By Shaun Katz
TOO MANY ROOFS are closed wet. Of all construction-defect disputes, some experts estimate that 75% to 80% are related to roof failures, and more than 70% of construction litigation involves water intrusion. With the advent of electronic leak detection (ELD) testing and the availability of continuous moisture monitoring, the data assimilated indicate that water intrusion issues often begin during construction, long before the building is commissioned and passed to the ownership. Unfortunately, when not monitored during and after construction, water intrusion is often not detected until the leak is visible within the building, and by then, the damage is done. This article highlights years of compiled information, demonstrating avoidable construction errors within the industry that can be easily mitigated utilizing ELD and proper moisture monitoring. Architects can design a watertight assembly but cannot ensure it is installed as designed. Manufacturers make reliable products but cannot ensure good workmanship, including adequate drainage and proper flashing. Contractors can install a watertight membrane system only to have other trades damage it without informing others. Owners and facility management firms place their trust in all parties involved, but there is no guarantee the roof assembly is properly installed and will perform as designed for the expected service life or even for the length of the warranty. While developing ASTM D7877, Standard Guide for Electronic Methods for Detecting and Locating Leaks in Waterproof Membranes,3 and ASTM D8231, Standard Practice for the Use of a Low Voltage Electronic Scanning System for Detecting and Locating Breaches in Roofing and Waterproofing Membranes,4 for ELD on roof systems, it became clear that there was a lack of understanding in the industry of how and why ELD was being utilized. Over the past decade, considerable practical experience has been invaluable to help demystify and illustrate the importance of ELD. As listed in ASTM D7877, there are four methods of ELD. Although the
methods are different, physics remain the same for high- and low-voltage ELD. ELD TESTING OF MEMBRANES ELD is a point-in-time test that locates breaches (such as voids, holes, punctures, and the like) in roofing and waterproofing membranes and includes both low-voltage (up to 40 V) and high-voltage (up to 40,000 V) methods. The four ELD methods include the low-voltage scanning platform, low-voltage vector mapping, low-voltage vertical roller, and high-voltage (also known as spark testing or holiday testing) (Fig. 1). ELD testing is preferred in lieu of flood testing on waterproofing applications and is an effective procedure for new roofing or reroofing. It can also be a useful forensic tool for existing roofs with active leaks. ELD applies an electrical potential to the surface of an exposed membrane. At the location of a void, an electrical current passes through the membrane and travels to an electrically grounded substrate below the membrane, thus completing an electrical circuit. The capabilities and limitations of each method can be found in detail in ASTM D7877.3 Contrary to some claims in the ELD community, ELD testing cannot be performed with reliable or repeatable results once the membrane is covered with any overburden. This is particularly true when membranes are covered with intensive or extensive vegetative roofing, topping slabs, or pavers. ELD testing equipment, whether high or low voltage methods are used, must make direct contact with the membrane itself. Any layers above the membrane such as drain mat, insulation, or root barriers tend to block the electrical path.

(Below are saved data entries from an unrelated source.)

(* In the RSP setting described in the context, let $b\in\mathbb{N}^+$ with $b\le n$, and let $i^*$ be the smallest integer $i\ge0$ with $C_{\mathrm{opt}}(G^-_{S_i})>b$. Then $i^*\le\lceil\log_2 n\rceil$.
   Context: RSP setting: $G=(V,E,c,r)$ is a weakly connected directed graph with $n=|V|$, $m=|E|$, $c,r:E\to\mathbb{R}_{\ge0}$, vertices $s\ne t$, bound $R\ge 0$. Paths are edge sets; $P_v$ = set of paths from $s$ to $v$; $C_G(p)=\sum_{e\in p}c(e)$, $R_G(p)=\sum_{e\in p}r(e)$; $C_{\mathrm{opt}}(G)=\min\{C_G(p):p\in P_t,\ R_G(p)\le R\}$. It is assumed that a path $p\in P_t$ with $R_G(p)\le R$ exists and that $C_{\mathrm{opt}}(G)>0$. For $S>0$, $G^-_S=(V,E,c^-_S,r)$ with $c^-_S(e)=\lfloor c(e)/S\rfloor$ (same $s,t,R$). Bounds $L,U$: sort the edges $e_1,\dots,e_m$ ascending by cost; let $j^*$ be the smallest $j$ such that some $p\in P_t$ with $R_G(p)\le R$ uses only edges from $\{e_1,\dots,e_j\}$; set $L=c(e_{j^*})$ and $U=nL$ (so $L\le C_{\mathrm{opt}}(G)\le U$). Scaling factors: $S_i=2^{-i}U/(2n)$ for $i\in\mathbb{N}_0$. *)

From HB Require Import structures.
From mathcomp Require Import all_boot all_order all_algebra.
From mathcomp Require Import boolp reals.
Set Implicit Arguments. Unset Strict Implicit. Unset Printing Implicit Defensive.
Import Order.TTheory GRing.Theory Num.Theory.
Local Open Scope ring_scope.

Definition weakly_connected (V : finType) (E : {set V * V}) : Prop :=
  forall x y : V, connect (fun u w => ((u, w) \in E) || ((w, u) \in E)) x y.

Definition edge_path (V : finType) (E : {set V * V}) (s v : V) (p : {set V * V})
  : Prop :=
  exists vs : seq V,
    [/\ uniq (s :: vs), last s vs = v,
        all (fun e => e \in E) (zip (s :: vs) vs)
      & p = [set e | e \in zip (s :: vs) vs]].

Definition pcost (V : finType) (K : numDomainType) (c : V * V -> K)
  (p : {set V * V}) : K := \sum_(e in p) c e.

Definition feasible (V : finType) (K : numDomainType) (E : {set V * V})
  (r : V * V -> K) (s t : V) (Rb : K) (p : {set V * V}) : Prop :=
  edge_path E s t p /\ pcost r p <= Rb.

(* C_opt(G) = min { C_G(p) : p feasible }  (0 if no feasible path exists,
   a case excluded by the standing assumptions). *)
Definition Copt (V : finType) (K : realType) (E : {set V * V})
  (c r : V * V -> K) (s t : V) (Rb : K) : K :=
  match [pick p : {set V * V} | `[< feasible E r s t Rb p >]] with
  | Some p0 => \big[Num.min/ pcost c p0]_(p : {set V * V} | `[< feasible E r s t Rb p >])
                 pcost c p
  | None => 0
  end.

Definition scaled_cost (V : finType) (K : realType) (c : V * V -> K) (S : K)
  : V * V -> K := fun e => (Num.floor (c e / S))%:~R.

(* At the scale S_k with k = ceil(log2 n) we have S_k <= L / (2n), and by the
   minimality of j* every feasible path contains an edge of cost at least L =
   c(e_{j*}) > 0. After scaling, that single edge already costs
   floor(L / S_k) >= 2n > b, and all other scaled costs are nonnegative,
   so C_opt(G^-_{S_k}) > b; hence the least such index is at most k. *)

From HB Require Import structures.
From mathcomp Require Import all_boot all_order all_algebra.
From mathcomp Require Import boolp reals.
From mathcomp Require Import ring.
Set Implicit Arguments. Unset Strict Implicit. Unset Printing Implicit Defensive.
Import Order.TTheory GRing.Theory Num.Theory.
Local Open Scope ring_scope.

Lemma edge_path_sub (V : finType) (E : {set V * V}) (s v : V) p :
  edge_path E s v p -> p \subset E.
Proof.
by case=> vs [_ _ /allP in_E ->]; apply/subsetP => e; rewrite inE => /in_E.
Qed.

Lemma edge_path_neq0 (V : finType) (E : {set V * V}) (s v : V) p :
  s != v -> edge_path E s v p -> p != set0.
Proof.
move=> neq_sv [[|w vs] [_ /= last_vs _ ->]]; first by rewrite last_vs eqxx in neq_sv.
by apply/set0Pn; exists (s, w); rewrite inE /= mem_head.
Qed.

Lemma Copt_le_pcost (K : realType) (V : finType) (E : {set V * V})
  (c r : V * V -> K) (s t : V) (Rb : K) p :
  feasible E r s t Rb p -> Copt E c r s t Rb <= pcost c p.
Proof.
move=> Fp; rewrite /Copt; case: pickP => [p0 _|none].
  by apply: bigmin_le_cond; apply/asboolP.
by move: (none p); rewrite (asboolT Fp).
Qed.

Lemma lt_Copt (K : realType) (V : finType) (E : {set V * V})
  (c r : V * V -> K) (s t : V) (Rb : K) (x : K) :
  (exists p, feasible E r s t Rb p) ->
  (forall p, feasible E r s t Rb p -> x < pcost c p) ->
  x < Copt E c r s t Rb.
Proof.
move=> [q Fq] lt_x; rewrite /Copt; case: pickP => [p0 Fp0|none].
  apply: lt_bigmin; first by apply: lt_x; apply/asboolP.
  by move=> p /asboolP; apply: lt_x.
by move: (none q); rewrite (asboolT Fq).
Qed.

Section SortedNth.
Variables (T : eqType) (leT : rel T) (x0 : T) (es : seq T) (j : nat).
Hypotheses (leT_tr : transitive leT) (leT_refl : reflexive leT).
Hypotheses (sorted_es : sorted leT es) (j_lt : (j < size es)%N).

Lemma sorted_le_nth_take x : x \in take j.+1 es -> leT x (nth x0 es j).
Proof.
move=> x_take; have x_es : x \in es := mem_take x_take.
rewrite -{1}(nth_index x0 x_es).
by apply: sorted_leq_nth; rewrite ?inE ?index_mem // -ltnS index_ltn.
Qed.

Lemma sorted_nth_le_notin_take x :
  x \in es -> x \notin take j es -> leT (nth x0 es j) x.
Proof.
move=> x_es; rewrite in_take // -leqNgt => j_le.
rewrite -[x in leT _ x](nth_index x0 x_es).
by apply: sorted_leq_nth; rewrite ?inE ?index_mem.
Qed.

End SortedNth.

Lemma lt_pcost_scaled (K : realType) (V : finType) (c : V * V -> K) (S : K)
  (p : {set V * V}) e (b : nat) :
  0 < S -> {in p, forall f, 0 <= c f} -> e \in p -> b.+1%:R * S <= c e ->
  b%:R < pcost (scaled_cost c S) p.
Proof.
move=> S_gt0 c_ge0 e_p le_ce; rewrite /pcost (bigD1 e) //=.
have rest_ge0 : 0 <= \sum_(f in p | f != e) scaled_cost c S f.
  apply: sumr_ge0 => f /andP[f_p _].
  by rewrite /scaled_cost ler0z floor_ge0 divr_ge0 ?c_ge0 // ltW.
have b_lt_e : b%:R < scaled_cost c S e.
  have : (b.+1%:Z <= Num.floor (c e / S))%R by rewrite floor_ge_int ler_pdivlMr.
  by rewrite /scaled_cost -[b%:R]/(b%:Z%:~R) ltr_int -lezD1 -addn1 PoszD.
by rewrite -[ltLHS]addr0 ltr_leD.
Qed.

Lemma least_index_le (P : nat -> Prop) k :
  P k -> exists m, [/\ P m, forall i, (i < m)%N -> ~ P i & (m <= k)%N].
Proof.
move=> Pk; have P_ex : exists i, `[< P i >] by exists k; apply/asboolP.
case: (ex_minnP P_ex) => m /asboolP Pm min_m.
exists m; split=> // [i lt_im /asboolP Pi|]; last exact/min_m/asboolP.
by rewrite ltnNge min_m in lt_im.
Qed.

Section MinimalPrefix.
Variables (K : realType) (V : finType) (E : {set V * V}) (c r : V * V -> K).
Variables (s t : V) (Rb : K) (es : seq (V * V)) (jstar : nat).
Hypotheses (neq_st : s != t) (es_E : perm_eq es (enum E)).
Hypothesis sorted_es : sorted (fun e f => c e <= c f) es.
Hypothesis feasible_jstar :
  exists p, feasible E r s t Rb p /\ p \subset [set e | e \in take jstar es].
Hypothesis infeasible_lt_jstar : forall j, (j < jstar)%N ->
  ~ exists p, feasible E r s t Rb p /\ p \subset [set e | e \in take j es].

Let L := c (nth (s, s) es jstar.-1).

Let le_c_trans : transitive (fun e f => c e <= c f).
Proof. by move=> e' e f /= /le_trans; apply. Qed.

Let le_c_refl : reflexive (fun e f => c e <= c f).
Proof. by move=> e /=. Qed.

Lemma jstar_gt0 : (0 < jstar)%N.
Proof.
have [p [[p_path _] p_sub]] := feasible_jstar.
case/set0Pn: (edge_path_neq0 neq_st p_path) => e e_p.
by move/subsetP/(_ e e_p): p_sub; rewrite inE; case: posnP => // ->; rewrite take0.
Qed.

Lemma jstar_le_size : (jstar <= size es)%N.
Proof.
rewrite leqNgt; apply/negP => size_lt; apply: (infeasible_lt_jstar size_lt).
by rewrite take_size -(take_oversize (ltnW size_lt)).
Qed.

Lemma le_prefix_cost e : e \in take jstar es -> c e <= L.
Proof.
rewrite -{1}(prednK jstar_gt0).
apply: (sorted_le_nth_take (leT := fun e f => c e <= c f)) => //.
by rewrite prednK ?jstar_gt0 ?jstar_le_size.
Qed.

Lemma feasible_has_costly_edge p :
  feasible E r s t Rb p -> exists2 e, e \in p & L <= c e.
Proof.
move=> Fp; case: (boolP [exists e in p, L <= c e]) => [/exists_inP[e]|none].
  by exists e.
exfalso; apply: (infeasible_lt_jstar (j := jstar.-1)).
  by rewrite ltn_predL jstar_gt0.
exists p; split => //; apply/subsetP => e e_p; rewrite inE; apply: contraT => e_notin.
have e_es : e \in es.
  by rewrite (perm_mem es_E) mem_enum; move/subsetP: (edge_path_sub Fp.1); apply.
rewrite -(negbTE none); apply/exists_inP; exists e => //.
apply: (sorted_nth_le_notin_take (leT := fun e f => c e <= c f)) => //.
by rewrite prednK ?jstar_gt0 ?jstar_le_size.
Qed.

Lemma prefix_cost_gt0 : 0 < Copt E c r s t Rb -> 0 < L.
Proof.
move=> Copt_gt0; rewrite ltNge; apply/negP => L_le0.
have [p [Fp p_sub]] := feasible_jstar.
suff : Copt E c r s t Rb <= 0 by rewrite leNgt Copt_gt0.
apply: le_trans (Copt_le_pcost _ Fp) _; apply: sumr_le0 => e e_p.
apply: le_trans L_le0; apply: le_prefix_cost.
by move/subsetP/(_ e e_p): p_sub; rewrite inE.
Qed.

End MinimalPrefix.

Theorem lemma10 (K : realType) (V : finType) (E : {set V * V})
  (c r : V * V -> K) (s t : V) (Rb : K)
  (es : seq (V * V)) (jstar : nat) (b : nat) :
  weakly_connected E ->
  (forall e, e \in E -> 0 <= c e) ->
  (forall e, e \in E -> 0 <= r e) ->
  s != t -> 0 <= Rb ->
  (exists p, feasible E r s t Rb p) ->
  0 < Copt E c r s t Rb ->
  (* e_1, ..., e_m : the edges sorted ascending by cost *)
  perm_eq es (enum E) ->
  sorted (fun e f => c e <= c f) es ->
  (* j* : smallest j such that a feasible path uses only e_1, ..., e_j *)
  (exists p, feasible E r s t Rb p /\ p \subset [set e | e \in take jstar es]) ->
  (forall j, (j < jstar)%N ->
     ~ exists p, feasible E r s t Rb p /\ p \subset [set e | e \in take j es]) ->
  (0 < b)%N -> (b <= #|V|)%N ->
  let n := #|V| in
  let L := c (nth (s, s) es jstar.-1) in   (* L = c(e_{j*}) *)
  let U := n%:R * L in
  let S (i : nat) := U / (2 * n%:R) / 2 ^+ i in
  exists istar : nat,
    [/\ b%:R < Copt E (scaled_cost c (S istar)) r s t Rb,
        (forall i, (i < istar)%N -> ~ (b%:R < Copt E (scaled_cost c (S i)) r s t Rb))
      & (istar <= up_log 2 n)%N].
Proof.
move=> _ c_ge0 _ neq_st _ feasible_ex Copt_gt0 es_E sorted_es feasible_jstar
  infeasible_lt_jstar _ b_le_n n L U S.
apply: least_index_le; set k := up_log 2 n.
have L_gt0 : 0 < L :=
  prefix_cost_gt0 neq_st sorted_es feasible_jstar infeasible_lt_jstar Copt_gt0.
have n_gt0 : (0 < n)%N by apply/card_gt0P; exists s.
have S_kE : S k = L / (2 * 2 ^+ k).
  by rewrite /S /U; field; rewrite ?mulf_neq0 ?expf_neq0 ?pnatr_eq0 -?lt0n.
have S_k_gt0 : 0 < S k by rewrite S_kE divr_gt0 ?mulr_gt0 ?exprn_gt0.
have scaled_b_le_L : b.+1%:R * S k <= L.
  rewrite S_kE mulrA ler_pdivrMr ?mulr_gt0 ?exprn_gt0 // mulrC ler_pM2l //.
  rewrite -(natrX K 2 k) -natrM ler_nat mul2n -addnn -addn1.
  exact: leq_add (leq_trans b_le_n (up_logP n (ltnSn 1))) (expn_gt0 2 k).
apply: lt_Copt => // p Fp.
have [e e_p L_le_ce] := feasible_has_costly_edge neq_st es_E sorted_es
  feasible_jstar infeasible_lt_jstar Fp.
apply: (lt_pcost_scaled S_k_gt0 _ e_p (le_trans scaled_b_le_L L_le_ce)) => f f_p.
by apply: c_ge0; move/subsetP: (edge_path_sub Fp.1); apply.
Qed.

CONDUCTIVE MEDIUM ELD requires a conductive substrate directly below the membrane (Fig. 2). A conductive medium is an electrically conductive material that provides a current return path to enable low- and high-voltage electronic testing. Without the addition of a conductive medium in a conventional roof assembly, valid ELD testing is impossible, as electrically insulating materials below the membrane (cover board, insulation, vapor barrier) block the electrical path to the conductive deck (structural concrete or metal). Improper placement of a conductive medium below the cover board or insulation also prevents valid ELD testing due to a break in the electrical path. This is addressed in Sections 4.4 and 5.5 of ASTM D7877.3 ELD testing agencies have a responsibility to inform all parties of the requirements and limitations, although this is not always the case. The sole purpose of performing ELD is to provide quality control testing. Excluding a conductive medium on new conventional roofs results in the inability to perform valid QC testing, and the consequence is undetected breaches in the membrane causing trapped hidden moisture. FORENSIC ELD In an existing roof with an active leak, ELD can be used as a forensic tool to assist with determining the origin of the moisture intrusion (Fig. 3). For roof assemblies where the intrusion problem is not obvious, ELD can often be used to determine whether the source of moisture intrusion is coming from the roof membrane. The electrical circuit would be completed through any wet roofing materials that complete a continuous path to the conductive deck. If no breaches in the membrane are located, then it is most likely that the moisture intrusion is coming from somewhere else. Often, forensic ELD is used in conjunction with other forensic methods such as infrared thermography, impedance, or nuclear roof moisture surveys. This provides additional information on the area of trapped water under the assembly as well as an indication of where the leak is originating from. CONTINUOUS MOISTURE MONITORING Moisture monitoring is accomplished by installing sensors within the roof assembly to provide a continuous tracking of any moisture (Fig. 4). The monitoring system is most effective when activated during construction. Monitored systems identify any intrusion issues in real time so corrective actions can be made to remove trapped moisture prior to closing the assembly.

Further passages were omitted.